FROM OUR BLOGS RANDBALL
The nature of the NFL, with a significant share of its small number of allotted games decided by a few key plays in close games, calls for a great deal of parity from year to year.
The difference between 6-10 and 10-6 is much thinner, for example, than the difference between 62-100 and 100-62 in a regular Major League Baseball season. A bounce here, a missed or made kick there, an officiating decision everywhere separates the above-average from the below-average.
Five of the 12 teams who missed the playoffs in 2018 made them in 2019. Among them was the Vikings.
Outside of that focused churn, though, we find larger truths about franchises: Periods of sustained success tend to be followed by relatively long periods of pain. Players get older. Trends change. And not even a salary cap ultramarathoner such as the Vikings' Rob Brzezinski can outrun the cap forever.

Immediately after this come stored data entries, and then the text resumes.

(* In the setting of the adaptive implicit-explicit iteration described in the context, suppose there are $a>0$ and $\eta_{\min}>0$ such that the step size satisfies $0<\eta_{\min}\le\eta\le\frac1{\|\bm T\|+2a}$. Then every limit point $(\bm d_*,\lambda_* )$ of the sequence $\{(\bm d_k,\lambda_k)\}$ is a KKT point of the problem $\min_{\|\bm d\|_2\le r}f(\bm d)$, i.e. it satisfies $\bm g+(\bm H+\lambda_*\bm I)\bm d_*=0$, $\lambda_*\ge0$, $\|\bm d_*\|_2\le r$ and $\lambda_*(\|\bm d_*\|_2-r)=0$.
   Context: Let $n\ge1$, $r>0$, $\bm g\in\mathbb R^n$ with $\bm g\neq0$, and $\bm H=\bm D+\bm T\in\mathbb R^{n\times n}$, where $\bm D$ is diagonal with nonnegative diagonal entries $D_{i,i}$ and $\bm T$ is symmetric; $\|\bm T\|$ is the spectral norm. Let $f(\bm d)=\bm g^\top\bm d+\frac12\bm d^\top\bm H\bm d$. Adaptive implicit-explicit iteration with step size $\eta>0$: set $\bm d_0=-r\bm g/\|\bm g\|_2$ and $\lambda_0=0$. For $k=0,1,2,\dots$ (run indefinitely): let $\bm b_k=\bm d_k-\eta(\bm g+\bm T\bm d_k)$ and $\phi_k(\lambda)=\sum_{i=1}^n\big([\bm b_k]_i/(1+\eta(D_{i,i}+\lambda))\big)^2$; set $\lambda_{k+1}=0$ if $\phi_k(0)\le r^2$, and otherwise let $\lambda_{k+1}>0$ be the solution of $\phi_k(\lambda)=r^2$; then $\bm d_{k+1}=(\bm I+\eta(\bm D+\lambda_{k+1}\bm I))^{-1}\bm b_k$. *)

From HB Require Import structures.
From mathcomp Require Import all_boot all_order all_algebra.
From mathcomp Require Import classical_sets reals.
Set Implicit Arguments. Unset Strict Implicit. Unset Printing Implicit Defensive.
Import Order.TTheory GRing.Theory Num.Theory.
Local Open Scope ring_scope.
Local Open Scope classical_set_scope.

Definition norm2 (R : realType) (n : nat) (v : 'cV[R]_n) : R :=
  Num.sqrt (\sum_(i < n) v i ord0 ^+ 2).

Definition specnorm (R : realType) (n : nat) (T : 'M[R]_n) : R :=
  sup [set norm2 (T *m x) | x in [set x : 'cV[R]_n | norm2 x <= 1]].

Definition is_diag_nonneg (R : realType) (n : nat) (D : 'M[R]_n) : Prop :=
  (forall i j : 'I_n, i != j -> D i j = 0) /\ (forall i : 'I_n, 0 <= D i i).

Definition bvec (R : realType) (n : nat) (T : 'M[R]_n) (g : 'cV[R]_n) (eta : R)
  (d : 'cV[R]_n) : 'cV[R]_n := d - eta *: (g + T *m d).

Definition phi (R : realType) (n : nat) (D : 'M[R]_n) (eta : R) (b : 'cV[R]_n)
  (lam : R) : R :=
  \sum_(i < n) (b i ord0 / (1 + eta * (D i i + lam))) ^+ 2.

(* The sequences (d_k, lambda_k) are exactly the adaptive implicit-explicit
   iterates: since phi is strictly decreasing on [0, oo) when phi(0) > r^2,
   the positive solution of phi(lambda) = r^2 is unique, so this relational
   description determines the sequences uniquely. *)
Definition aie_iterates (R : realType) (n : nat) (D T : 'M[R]_n) (g : 'cV[R]_n)
  (r eta : R) (d : nat -> 'cV[R]_n) (lam : nat -> R) : Prop :=
  d 0%N = (- r / norm2 g) *: g /\ lam 0%N = 0 /\
  forall k : nat,
    let b := bvec T g eta (d k) in
    ((phi D eta b 0 <= r ^+ 2 /\ lam k.+1 = 0) \/
     (r ^+ 2 < phi D eta b 0 /\ 0 < lam k.+1 /\ phi D eta b (lam k.+1) = r ^+ 2)) /\
    d k.+1 = invmx (1%:M + eta *: (D + (lam k.+1)%:M)) *m b.

Definition limit_point (R : realType) (n : nat) (d : nat -> 'cV[R]_n) (lam : nat -> R)
  (ds : 'cV[R]_n) (ls : R) : Prop :=
  forall (eps : R) (N : nat), 0 < eps ->
    exists k : nat, (N <= k)%N /\ norm2 (d k - ds) < eps /\ `|lam k - ls| < eps.

(* KKT point of min_{||d||_2 <= r} g^T d + 1/2 d^T H d. *)
Definition kkt_point (R : realType) (n : nat) (H : 'M[R]_n) (g : 'cV[R]_n) (r : R)
  (ds : 'cV[R]_n) (ls : R) : Prop :=
  g + (H + ls%:M) *m ds = 0 /\ 0 <= ls /\ norm2 ds <= r /\ ls * (norm2 ds - r) = 0.

From HB Require Import structures.
From mathcomp Require Import all_boot all_order all_algebra.
From mathcomp Require Import classical_sets reals.
From mathcomp Require Import ring lra.
Set Implicit Arguments. Unset Strict Implicit. Unset Printing Implicit Defensive.
Import Order.TTheory GRing.Theory Num.Theory.
Local Open Scope ring_scope.

(* Each step is a KKT condition up to a residual:
   g + (H + lam_{k+1}) d_{k+1} = (T - I/eta) (d_{k+1} - d_k).
   Expanding f around d_{k+2} with this identity gives the descent
   f(d_{k+2}) <= f(d_{k+1}) - (1/eta - |T|/2) |d_{k+2} - d_{k+1}|^2, because D is
   positive semidefinite and lam_{k+2} > 0 forces |d_{k+2}| = r >= |d_{k+1}|.
   As |T| eta < 2 and f is bounded below on the ball, the steps tend to 0, so the
   residual vanishes along any subsequence converging to (ds, ls); feasibility,
   lam >= 0 and complementarity hold for every iterate and pass to the limit. *)

Section EuclideanGeometry.
Variables (R : realType) (n : nat).
Implicit Types (u v w : 'cV[R]_n) (A : 'M[R]_n).

Definition dot u v : R := (u^T *m v) ord0 ord0.

Lemma dotE u v : dot u v = \sum_i u i ord0 * v i ord0.
Proof. by rewrite /dot mxE; apply: eq_bigr => i _; rewrite mxE. Qed.

Lemma dotC u v : dot u v = dot v u.
Proof. by rewrite !dotE; apply: eq_bigr => i _; rewrite mulrC. Qed.

Lemma dotDr u v w : dot u (v + w) = dot u v + dot u w.
Proof. by rewrite /dot mulmxDr mxE. Qed.

Lemma dot0r u : dot u 0 = 0.
Proof. by rewrite /dot mulmx0 mxE. Qed.

Lemma dotNr u v : dot u (- v) = - dot u v.
Proof. by rewrite /dot mulmxN mxE. Qed.

Lemma dotBr u v w : dot u (v - w) = dot u v - dot u w.
Proof. by rewrite dotDr dotNr. Qed.

Lemma dotZr (k : R) u v : dot u (k *: v) = k * dot u v.
Proof. by rewrite /dot -scalemxAr mxE. Qed.

Lemma dotDl u v w : dot (u + v) w = dot u w + dot v w.
Proof. by rewrite dotC dotDr !(dotC w). Qed.

Lemma dotBl u v w : dot (u - v) w = dot u w - dot v w.
Proof. by rewrite dotC dotBr !(dotC w). Qed.

Lemma dotZl (k : R) u v : dot (k *: u) v = k * dot u v.
Proof. by rewrite dotC dotZr dotC. Qed.

Lemma dot_mulmxC A u v : A^T = A -> dot u (A *m v) = dot (A *m u) v.
Proof. by move=> symA; rewrite /dot trmx_mul symA mulmxA. Qed.

Lemma dotvv_ge0 v : 0 <= dot v v.
Proof. by rewrite dotE sumr_ge0 // => i _; rewrite -expr2 sqr_ge0. Qed.

Lemma norm2E v : norm2 v = Num.sqrt (dot v v).
Proof.
by rewrite /norm2 dotE; congr Num.sqrt; apply: eq_bigr => i _; rewrite expr2.
Qed.

Lemma norm2_ge0 v : 0 <= norm2 v.
Proof. exact: sqrtr_ge0. Qed.

Lemma norm2_sqr v : norm2 v ^+ 2 = dot v v.
Proof. by rewrite norm2E sqr_sqrtr ?dotvv_ge0. Qed.

Lemma norm2_eq0 v : norm2 v = 0 -> v = 0.
Proof.
rewrite /norm2 => /eqP; rewrite sqrtr_eq0 => vv_le0.
have v2_eq0 : \sum_i v i ord0 ^+ 2 = 0.
  by apply/eqP; rewrite eq_le vv_le0 sumr_ge0 // => i _; rewrite sqr_ge0.
apply/matrixP => i j; rewrite ord1 mxE; apply/eqP; rewrite -sqrf_eq0.
by rewrite (psumr_eq0P _ v2_eq0) // => k _; rewrite sqr_ge0.
Qed.

Lemma norm2Z (k : R) v : norm2 (k *: v) = `|k| * norm2 v.
Proof. by rewrite !norm2E dotZl dotZr mulrA -expr2 sqrtrM ?sqr_ge0 // sqrtr_sqr. Qed.

Lemma norm2N v : norm2 (- v) = norm2 v.
Proof. by rewrite -scaleN1r norm2Z normrN1 mul1r. Qed.

Lemma norm2_distC u v : norm2 (u - v) = norm2 (v - u).
Proof. by rewrite -opprB norm2N. Qed.

Lemma dot_CauchySchwarz_sqr u v : dot u v ^+ 2 <= dot u u * dot v v.
Proof.
have [v0 | v_neq0] := eqVneq v 0.
  by rewrite v0 !dot0r expr0n /= mulr0.
have vv_gt0 : 0 < dot v v.
  rewrite lt_neqAle dotvv_ge0 andbT eq_sym; apply: contra v_neq0 => /eqP vv0.
  by apply/eqP/norm2_eq0; rewrite norm2E vv0 sqrtr0.
(* |<v,v> u - <u,v> v|^2 = <v,v> (<u,u> <v,v> - <u,v>^2) *)
have := dotvv_ge0 (dot v v *: u - dot u v *: v).
by rewrite !(dotBl, dotBr, dotZl, dotZr) [dot v u]dotC; nra.
Qed.

Lemma dot_CauchySchwarz u v : `|dot u v| <= norm2 u * norm2 v.
Proof.
have := dot_CauchySchwarz_sqr u v.
rewrite -!norm2_sqr -exprMn -real_normK ?num_real //.
have := mulr_ge0 (norm2_ge0 u) (norm2_ge0 v); have := normr_ge0 (dot u v); nra.
Qed.

Lemma ler_norm2D u v : norm2 (u + v) <= norm2 u + norm2 v.
Proof.
have uv := ler_norm (dot u v); have := dot_CauchySchwarz u v.
have := norm2_sqr (u + v); rewrite !(dotDl, dotDr) [dot v u]dotC -!norm2_sqr.
have := norm2_ge0 (u + v); have := norm2_ge0 u; have := norm2_ge0 v; nra.
Qed.

Lemma lerB_norm2_dist u v : norm2 u - norm2 v <= norm2 (u - v).
Proof. by have := ler_norm2D (u - v) v; rewrite subrK; lra. Qed.

Lemma ler_norm2B u v : norm2 (u - v) <= norm2 u + norm2 v.
Proof. by rewrite -(norm2N v) ler_norm2D. Qed.

Lemma dot_subr_ge0 u v : norm2 v <= norm2 u -> 0 <= dot u (u - v).
Proof.
move=> vu; rewrite dotBr -norm2_sqr.
have := ler_norm (dot u v); have := dot_CauchySchwarz u v; have := norm2_ge0 v; nra.
Qed.

Lemma mulmx_dot_row A v i : (A *m v) i ord0 = dot (row i A)^T v.
Proof. by rewrite dotE mxE; apply: eq_bigr => j _; rewrite !mxE. Qed.

Lemma specnorm_has_sup A :
  has_sup [set norm2 (A *m x) | x in [set x : 'cV[R]_n | norm2 x <= 1]].
Proof.
split; first by exists (norm2 (A *m 0)), 0 => //=; rewrite norm2E dot0r sqrtr0.
set S := \sum_i dot (row i A)^T (row i A)^T.
have S_ge0 : 0 <= S by rewrite sumr_ge0 // => i _; rewrite dotvv_ge0.
exists (Num.sqrt S) => _ [x /= x_le1 <-].
rewrite norm2E ler_sqrt // dotE.
apply: le_trans (_ : S * dot x x <= S); last first.
  by rewrite -norm2_sqr ler_piMr // expr_le1 ?norm2_ge0.
rewrite mulr_suml; apply: ler_sum => i _; rewrite mulmx_dot_row -expr2.
exact: dot_CauchySchwarz_sqr.
Qed.

Lemma specnorm_ge0 A : 0 <= specnorm A.
Proof.
apply: (sup_upper_bound (specnorm_has_sup A)); exists 0 => /=.
  by rewrite norm2E dot0r sqrtr0.
by rewrite mulmx0 norm2E dot0r sqrtr0.
Qed.

Lemma norm2_mulmx_le A v : norm2 (A *m v) <= specnorm A * norm2 v.
Proof.
have [v0 | v_neq0] := eqVneq (norm2 v) 0.
  by rewrite v0 (norm2_eq0 v0) mulmx0 mulr0 norm2E dot0r sqrtr0.
have v_gt0 : 0 < norm2 v by rewrite lt_neqAle eq_sym v_neq0 norm2_ge0.
have : norm2 (A *m ((norm2 v)^-1 *: v)) <= specnorm A.
  apply: (sup_upper_bound (specnorm_has_sup A)); exists ((norm2 v)^-1 *: v) => //=.
  by rewrite norm2Z ger0_norm ?invr_ge0 ?norm2_ge0 // mulVf.
rewrite -scalemxAr norm2Z ger0_norm ?invr_ge0 ?norm2_ge0 //.
by rewrite ler_pdivrMl // mulrC.
Qed.

Lemma dot_mulmx_le A v : `|dot v (A *m v)| <= specnorm A * dot v v.
Proof.
apply: le_trans (dot_CauchySchwarz _ _) _; rewrite -norm2_sqr expr2 mulrA.
rewrite [norm2 v * _]mulrC.
by apply: ler_wpM2r; [exact: norm2_ge0 | exact: norm2_mulmx_le].
Qed.

End EuclideanGeometry.

Lemma nonincreasing_bounded_steps (R : realType) (u : nat -> R) (m : R) :
  (forall k, u k.+1 <= u k) -> (forall k, m <= u k) ->
  forall e, 0 < e -> exists N, forall k, (N <= k)%N -> u k - u k.+1 < e.
Proof.
move=> u_noninc u_ge e e_gt0.
have inf_u : has_inf (range u).
  by split; [exists (u 0%N), 0%N | exists m => _ [k _ <-]].
have [_ [N _ <-] uN_lt] := inf_adherent e_gt0 inf_u.
exists N => k Nk.
have uk_le : u k <= u N by exact: (Order.NatMonotonyTheory.nonincnP u_noninc _ _ Nk).
have : inf (range u) <= u k.+1 by apply: (ge_inf inf_u.2); exists k.+1.
lra.
Qed.

Section Diagonal.
Variables (R : realType) (n : nat) (D : 'M[R]_n).
Hypothesis D_diag : is_diag_nonneg D.
Implicit Types v : 'cV[R]_n.

Lemma diag_nonneg_tr : D^T = D.
Proof.
apply/matrixP => i j; rewrite mxE.
by have [-> // | ij] := eqVneq i j; rewrite !(proj1 D_diag) // eq_sym.
Qed.

Lemma mulmx_diag_nonneg v i : (D *m v) i ord0 = D i i * v i ord0.
Proof.
rewrite mxE (bigD1 i) //= big1 ?addr0 // => j ji.
by rewrite (proj1 D_diag) 1?eq_sym // mul0r.
Qed.

Lemma dot_diag_nonneg_ge0 v : 0 <= dot v (D *m v).
Proof.
rewrite dotE sumr_ge0 // => i _; rewrite mulmx_diag_nonneg mulrCA -expr2.
by rewrite mulr_ge0 ?sqr_ge0 ?(proj2 D_diag).
Qed.

Lemma shift_mx_diag (eta l : R) :
  1%:M + eta *: (D + l%:M) = diag_mx (\row_i (1 + eta * (D i i + l))).
Proof.
apply/matrixP => i j; rewrite !mxE.
have [<- | ij] := eqVneq i j; first by rewrite !mulr1n.
by rewrite !mulr0n (proj1 D_diag) // add0r addr0 mulr0.
Qed.

Lemma shift_mx_coef_gt0 (eta l : R) i :
  0 <= eta -> 0 <= l -> 0 < 1 + eta * (D i i + l).
Proof.
move=> eta_ge0 l_ge0; have := mulr_ge0 eta_ge0 (addr_ge0 (proj2 D_diag i) l_ge0).
lra.
Qed.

History shows us some clear and symmetrical trend lines when it comes to the Vikings. Two very bad games into the 2020 season, the Vikings' play and the franchise's history conspire to make us ask: Are they in the midst of exiting one of their patented stretches of stability and relative success and rapidly entering one of their similarly familiar stretches of subpar play and rebuilding?
I should note first that I've been fooled by early struggles from a Mike Zimmer team before, and I've generally vowed not to judge one of his teams until at least four games into season because they tend to get better with time.
These questions wouldn't be worth asking — at least not yet — if the Vikings' first two losses of the season were more pedestrian, couldn't-catch-a-break types of defeats.
But the very nature of how the Vikings have seemingly been overmatched in every facet of the game makes this relevant now.